Today we are going to talk about one of the first studies of human behavior. The book is called the Characters and its author, Theophrastus, is a true scholar, and he continued Aristotle’s work in some ways. This book tries to divide and categorize human nature and behavior, or as Wikipedia says:
“The work contains thirty brief, vigorous and trenchant outlines of moral types, which form a most valuable picture of the life of his time, and in fact of human nature in general. They are the first recorded attempt at systematic character writing. The book has been regarded by some as an independent work; others incline to the view that the sketches were written from time to time by Theophrastus, and collected and edited after his death; others, again, regard the Characters as part of a larger systematic work, but the style of the book is against this. Theophrastus has found many imitators in this kind of writing, notably Joseph Hall (1608), Sir Thomas Overbury (1614–16), Bishop Earle (1628) and Jean de La Bruyère (1688), who also translated the Characters. George Eliot also took inspiration from Theophrastus’ Characters, most notably in her book of caricatures, Impressions of Theophrastus. Writing the “character sketch” as a scholastic exercise also originated in Theophrastus’s typology.”
The aspect that I find astonishing is the fact that there is only one female character in this book, and the fact that he is writing years before Freud, that cheapskates poo like goats. Here is one of his portraits:
The Coward
by Theophrastus
“Cowardice would seem to be, in fact, a shrinking of the soul through fear.
The Coward is one who, on a voyage, will protest that the promontories are privateers; and, if a high sea gets up, will ask if there is anyone on board who has not been initiated. He will put up his head and ask the steersman if he is halfway, and what he thinks of the face of the heavens; remarking to the person sitting next him that a certain dream makes him feel uneasy; and he will take off his tunic and give it to his slave; or he will beg them to put him ashore.
On land also, when he is campaigning, he will call to him those who are going out to the rescue, and bid them come and stand by him and look about them first; saying that it is hard to make out which is the enemy. Hearing shouts and seeing men falling, he will remark to those who stand by him that he has forgotten in his haste to bring his sword, and will run to the tent; where, having sent his slave out to reconnoiter the position of the enemy, he will hide the sword under his pillow; and then spend a long time in pretending to look for it. And seeing from the tent a wounded comrade being carried in, he will run towards him and cry “Cheer up!” He will take him into his arms and carry him; he will tend and sponge him; he will sit by him and keep the flies off his wound – in short he will do anything rather than fight with the enemy. Again, when the trumpeter has sounded the signal for battle, he will cry, as he sits in the tent, “Bother! You will not allow the man to get a wink of sleep with your perpetual bugling!” Then, covered with blood from the other’s wound, he will meet those who are returning from the fight, and announce to them, “I have run some risk to save one of 25 our fellows”; and he will bring in the men of his parish and of his tribe to see his patient, at the same time explaining to each of them that he carried him with his own hands to the tent.”

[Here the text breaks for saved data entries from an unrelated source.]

Lemma Phi_tangent_le c y : c < y -> dPhi c * (y - c) <= Phi y - Phi c.
Proof.
  intros Hcy. apply Rnot_lt_le. intro Hlt.
  set (q := (Phi y - Phi c) / (y - c)).
  assert (Hq : q < dPhi c).
  { unfold q. apply Rmult_lt_reg_r with (y - c); [lra|].
    unfold Rdiv; rewrite Rmult_assoc, Rinv_l; lra. }
  destruct (HdPhi c (dPhi c - q) ltac:(lra)) as [d Hd].
  set (u := Rmin (/ 2) (d / 2 / (y - c))).
  assert (Hu : 0 < u < 1).
  { unfold u. pose proof (Rmin_l (/ 2) (d / 2 / (y - c))). pose proof (cond_pos d).
    split; [apply Rmin_glb_lt; [lra | apply Rdiv_lt_0_compat; lra] | lra]. }
  set (h := u * (y - c)).
  assert (Hh0 : 0 < h) by (unfold h; nra).
  assert (Hhd : h < d).
  { unfold h. assert (u <= d / 2 / (y - c)) by apply Rmin_r.
    apply Rle_lt_trans with (d / 2 / (y - c) * (y - c)); [apply Rmult_le_compat_r; lra|].
    replace (d / 2 / (y - c) * (y - c)) with (d / 2) by (field; lra). pose proof (cond_pos d); lra. }
  specialize (Hd h ltac:(lra) ltac:(rewrite Rabs_right; lra)).
  assert (Hc : Phi (c + h) < Phi c + u * (Phi y - Phi c)).
  { pose proof (Hconv c y (1 - u) Hcy ltac:(lra)) as Hcv.
    replace ((1 - u) * c + (1 - (1 - u)) * y) with (c + h) in Hcv by (unfold h; ring). lra. }
  assert ((Phi (c + h) - Phi c) / h < q).
  { unfold q. apply Rmult_lt_reg_r with h; auto. unfold Rdiv. rewrite Rmult_assoc, Rinv_l by lra.
    replace ((Phi y - Phi c) * / (y - c) * h) with (u * (Phi y - Phi c)) by (unfold h; field; lra).
    lra. }
  revert Hd. unfold Rabs. case Rcase_abs; intros; lra.
Qed.

Lemma Phi_tangent_at_1_lt_0 c : c < 1 -> Phi c + dPhi c * (1 - c) < 0.
Proof.
  intros Hc. set (m := (c + 1) / 2).
  pose proof (Phi_tangent_le c m ltac:(unfold m; lra)) as Ht.
  pose proof (Hconv c 1 (/ 2) Hc ltac:(lra)) as Hcv.
  replace (/ 2 * c + (1 - / 2) * 1) with m in Hcv by (unfold m; field).
  rewrite HPhi1 in Hcv. unfold m in *.
  replace ((c + 1) / 2 - c) with ((1 - c) / 2) in Ht by field. lra.
Qed.

Lemma zeta_derive c : is_derive (zeta theta lam Phi) c (- kfun theta lam dPhi c).
Proof.
  pose proof (proj2 (is_derive_Reals _ _ _) (HdPhi c)) as HP.
  unfold zeta, kfun. auto_derive; [exists (dPhi c); auto|].
  rewrite (Derive_of_is_derive Phi c (dPhi c) HP). ring.
Qed.

Lemma zeta_lt_0 c : I01 c -> zeta theta lam Phi c < 0.
Proof.
  intros Hc. assert (zeta theta lam Phi 1 = 0) by (unfold zeta; rewrite HPhi1; ring).
  assert (zeta theta lam Phi c < zeta theta lam Phi 1); [|lra].
  apply (is_derive_pos_lt _ (fun c => - kfun theta lam dPhi c)); [| |unfold I01 in Hc; lra].
  - intros; apply zeta_derive.
  - intros x Hx. pose proof (Hk x ltac:(unfold I01 in Hc; lra)). lra.
Qed.

Definition dx0bar c :=
  theta * mu * (dPhi c * zeta theta lam Phi c + kfun theta lam dPhi c * Phi c)
  / (zeta theta lam Phi c) ^ 2.

Lemma x0bar_derive c : I01 c -> is_derive (x0bar theta mu lam Phi) c (dx0bar c).
Proof.
  intros Hc. pose proof (zeta_lt_0 c Hc). unfold x0bar, dx0bar.
  assert (E1 : is_derive Phi c (dPhi c)) by (apply is_derive_Reals; auto).
  assert (E2 := zeta_derive c).
  auto_derive; [repeat split; try (eexists; eauto); lra|].
  rewrite (Derive_of_is_derive Phi c (dPhi c) E1), (Derive_of_is_derive (zeta theta lam Phi) c _ E2).
  field. lra.
Qed.

Lemma dx0bar_lt_0 c : I01 c -> dx0bar c < 0.
Proof.
  intros Hc. unfold dx0bar.
  assert (E : dPhi c * zeta theta lam Phi c + kfun theta lam dPhi c * Phi c =
     (lam + theta) * (Phi c + dPhi c * (1 - c))) by (unfold zeta, kfun; ring).
  rewrite E. pose proof (Phi_tangent_at_1_lt_0 c ltac:(unfold I01 in Hc; lra)).
  pose proof (zeta_lt_0 c Hc).
  apply Rmult_lt_reg_r with ((zeta theta lam Phi c) ^ 2); [nra|].
  unfold Rdiv. rewrite Rmult_assoc, Rinv_l, Rmult_0_l by (apply pow_nonzero; lra).
  assert (0 < theta * mu) by nra.
  assert ((lam + theta) * (Phi c + dPhi c * (1 - c)) < 0) by nra. nra.
Qed.

Lemma x0bar_decreasing c1 c2 : I01 c1 -> I01 c2 -> c1 < c2 ->
  x0bar theta mu lam Phi c2 < x0bar theta mu lam Phi c1.
Proof.
  intros H1 H2 H12.
  assert (- x0bar theta mu lam Phi c1 < - x0bar theta mu lam Phi c2); [|lra].
  apply (is_derive_pos_lt (fun c => - x0bar theta mu lam Phi c) (fun c => - dx0bar c)); auto.
  - intros x Hx. apply (is_derive_opp (x0bar theta mu lam Phi) x), x0bar_derive.
    unfold I01 in *; lra.
  - intros x Hx. pose proof (dx0bar_lt_0 x ltac:(unfold I01 in *; lra)). lra.
Qed.


(** * The free boundary gamma and the function W *)

Section ValueFunction.

Variable sigma : R.
Hypothesis Hsigma : 0 < sigma.
Variables ps ps1 ps2 : R -> R.
Hypothesis Hd0 : forall x, is_derive ps x (ps1 x).
Hypothesis Hd1 : forall x, is_derive ps1 x (ps2 x).
Hypothesis Hc2 : forall x, continuity_pt ps2 x.
Hypothesis Hpos : forall x, 0 < ps x /\ 0 < ps1 x /\ 0 < ps2 x.
Hypothesis Hode : forall x, / 2 * sigma ^ 2 * ps2 x + theta * (mu - x) * ps1 x = lam * ps x.

Lemma ps_continuity x : continuity_pt ps x.
Proof. eapply is_derive_continuity_pt, Hd0. Qed.

Lemma ps1_continuity x : continuity_pt ps1 x.
Proof. eapply is_derive_continuity_pt, Hd1. Qed.

Lemma ps1_increasing x y : x < y -> ps1 x < ps1 y.
Proof. intros H. apply (is_derive_pos_lt ps1 ps2); auto. intros z _; apply Hpos. Qed.

Definition hfun x := x - ps x / ps1 x.
Definition dhfun x := ps x * ps2 x / (ps1 x) ^ 2.

Lemma hfun_derive x : is_derive hfun x (dhfun x).
Proof.
  unfold hfun, dhfun. destruct (Hpos x) as [P0 [P1 P2]]. auto_derive.
  - repeat split; try (eexists; apply Hd0 || apply Hd1); lra.
  - rewrite (Derive_of_is_derive ps x _ (Hd0 x)), (Derive_of_is_derive ps1 x _ (Hd1 x)). field. lra.
Qed.

Lemma dhfun_gt_0 x : 0 < dhfun x.
Proof. unfold dhfun. destruct (Hpos x) as [P0 [P1 P2]]. apply Rdiv_lt_0_compat; nra. Qed.

Lemma dhfun_continuity x : continuity_pt dhfun x.
Proof.
  unfold dhfun. destruct (Hpos x) as [P0 [P1 P2]].
  apply (continuity_pt_div (fun x => ps x * ps2 x) (fun x => ps1 x ^ 2)).
  - apply (continuity_pt_mult ps ps2); auto using ps_continuity.
  - apply (continuity_pt_mult ps1 (fun x => ps1 x ^ 1)); [apply ps1_continuity|].
    apply (continuity_pt_mult ps1 (fun _ => 1)); [apply ps1_continuity | apply continuity_pt_const; intros a b; auto].
  - apply pow_nonzero. lra.
Qed.

Lemma hfun_increasing x y : x < y -> hfun x < hfun y.
Proof.
  intros H. apply (is_derive_pos_lt hfun dhfun); auto.
  - intros; apply hfun_derive.
  - intros; apply dhfun_gt_0.
Qed.

(** [psi'' > 0] in the ODE gives [psi / psi' > theta (mu - x) / lambda]. *)
Lemma hfun_lt_affine x : hfun x < x - theta * (mu - x) / lam.
Proof.
  unfold hfun. destruct (Hpos x) as [P0 [P1 P2]]. pose proof (Hode x).
  assert (0 < / 2 * sigma ^ 2 * ps2 x).
  { apply Rmult_lt_0_compat; auto. apply Rmult_lt_0_compat; [lra | apply pow_lt; lra]. }
  assert (theta * (mu - x) / lam < ps x / ps1 x); [|lra].
  apply Rmult_lt_reg_r with (lam * ps1 x); [nra|].
  replace (theta * (mu - x) / lam * (lam * ps1 x)) with (theta * (mu - x) * ps1 x) by (field; lra).
  replace (ps x / ps1 x * (lam * ps1 x)) with (lam * ps x) by (field; lra). lra.
Qed.

Lemma dhfun_ode x :
  dhfun x = 2 / sigma ^ 2 * (ps x / ps1 x) * (lam * (ps x / ps1 x) + theta * (x - mu)).
Proof.
  unfold dhfun. destruct (Hpos x) as [P0 [P1 P2]].
  replace (ps2 x) with (2 / sigma ^ 2 * (lam * ps x - theta * (mu - x) * ps1 x)).
  - field. split; lra.
  - rewrite <- (Hode x). field. lra.
Qed.

(** If [h <= v] everywhere, then [psi / psi' >= x - v], and the ODE makes [h' >= 2] far right. *)
Lemma hfun_unbounded v : exists x, v < hfun x.
Proof.
  apply NNPP. intro Hn.
  assert (Hle : forall x, hfun x <= v) by (intros x; apply Rnot_lt_le; intro; apply Hn; exists x; auto).
  set (X := Rmax (mu + 1) (v + sigma ^ 2 / theta)).
  assert (HX1 : mu + 1 <= X) by apply Rmax_l.
  assert (HX2 : v + sigma ^ 2 / theta <= X) by apply Rmax_r.
  assert (Hs2 : 0 < sigma ^ 2) by (apply pow_lt; lra).
  assert (Hbig : forall x, X <= x -> 2 <= dhfun x).
  { intros x Hx. rewrite dhfun_ode. set (r := ps x / ps1 x).
    assert (r >= x - v) by (pose proof (Hle x) as Hhx; unfold hfun in Hhx; fold r in Hhx; lra).
    assert (0 < r) by (unfold r; destruct (Hpos x) as [P0 [P1 P2]]; apply Rdiv_lt_0_compat; auto).
    assert (sigma ^ 2 <= theta * r).
    { apply Rmult_le_reg_r with (/ theta); [apply Rinv_0_lt_compat; auto|].
      replace (theta * r * / theta) with r by (field; lra). unfold Rdiv in *. lra. }
    assert (sigma ^ 2 <= lam * r * r + theta * r * (x - mu)) by nra.
    replace (2 / sigma ^ 2 * r * (lam * r + theta * (x - mu))) with
      (2 / sigma ^ 2 * (lam * r * r + theta * r * (x - mu))) by ring.
    apply Rle_trans with (2 / sigma ^ 2 * sigma ^ 2); [right; field; lra|].
    apply Rmult_le_compat_l; auto. apply Rdiv_le_0_compat; lra. }
  set (b := X + Rabs (v - hfun X) + 1).
  assert (hfun X - X < hfun b - b).
  { apply (is_derive_pos_lt (fun x => hfun x - x) (fun x => dhfun x - 1)).
    - intros x Hx. auto_derive; [exists (dhfun x); apply hfun_derive|].
      rewrite (Derive_of_is_derive hfun x _ (hfun_derive x)). ring.
    - intros x Hx. pose proof (Hbig x ltac:(lra)). lra.
    - unfold b. pose proof (Rabs_pos (v - hfun X)). lra. }
  pose proof (Hle b). pose proof (Rle_abs (v - hfun X)). unfold b in *. lra.
Qed.

Lemma hfun_surjective y : exists x, hfun x = y.
Proof.
  destruct (hfun_unbounded y) as [xh Hxh].
  assert (Htl : 0 < theta / lam) by (apply Rdiv_lt_0_compat; lra).
  set (xl := Rmin (xh - 1) ((y + theta * mu / lam) / (1 + theta / lam) - 1)).
  assert (Hxl : hfun xl < y).
  { pose proof (hfun_lt_affine xl).
    assert (xl <= (y + theta * mu / lam) / (1 + theta / lam) - 1) by apply Rmin_r.
    assert (xl - theta * (mu - xl) / lam = xl * (1 + theta / lam) - theta * mu / lam) by (field; lra).
    assert (xl * (1 + theta / lam) <=
            ((y + theta * mu / lam) / (1 + theta / lam) - 1) * (1 + theta / lam))
      by (apply Rmult_le_compat_r; lra).
    replace (((y + theta * mu / lam) / (1 + theta / lam) - 1) * (1 + theta / lam)) with
      (y + theta * mu / lam - (1 + theta / lam)) in * by (field; lra).
    lra. }
  assert (xl < xh) by (unfold xl; pose proof (Rmin_l (xh - 1) ((y + theta * mu / lam) / (1 + theta / lam) - 1)); lra).
  destruct (IVT_cor (fun x => hfun x - y) xl xh) as [z [Hz E]].
  - apply continuity_minus; [intro; eapply is_derive_continuity_pt, hfun_derive|].
    apply continuity_const. intros a b; auto.
  - lra.
  - assert (hfun xl - y < 0) by lra. assert (0 < hfun xh - y) by lra. nra.
  - exists z. lra.
Qed.

Definition hinv y := epsilon (inhabits 0) (fun x => hfun x = y).

Lemma hfun_hinv y : hfun (hinv y) = y.
Proof. apply (epsilon_spec (inhabits 0) (fun x => hfun x = y)), hfun_surjective. Qed.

Kane and Peters, in their remarkable book Writing Prose (1958, 1964), mention that Theophrastus combines definition, description and narration and that the good writer should learn to distinguish between them. This is because they are not always combined. I think that Theophrastus’s stereotypes come from his life experience and if he wrote them as an art form they would have been more exacted, because life is the biggest test and not some fake laboratory.
Today’s task is to create this sort of profile of a character or a type you know, and the best will be published here on a special corner.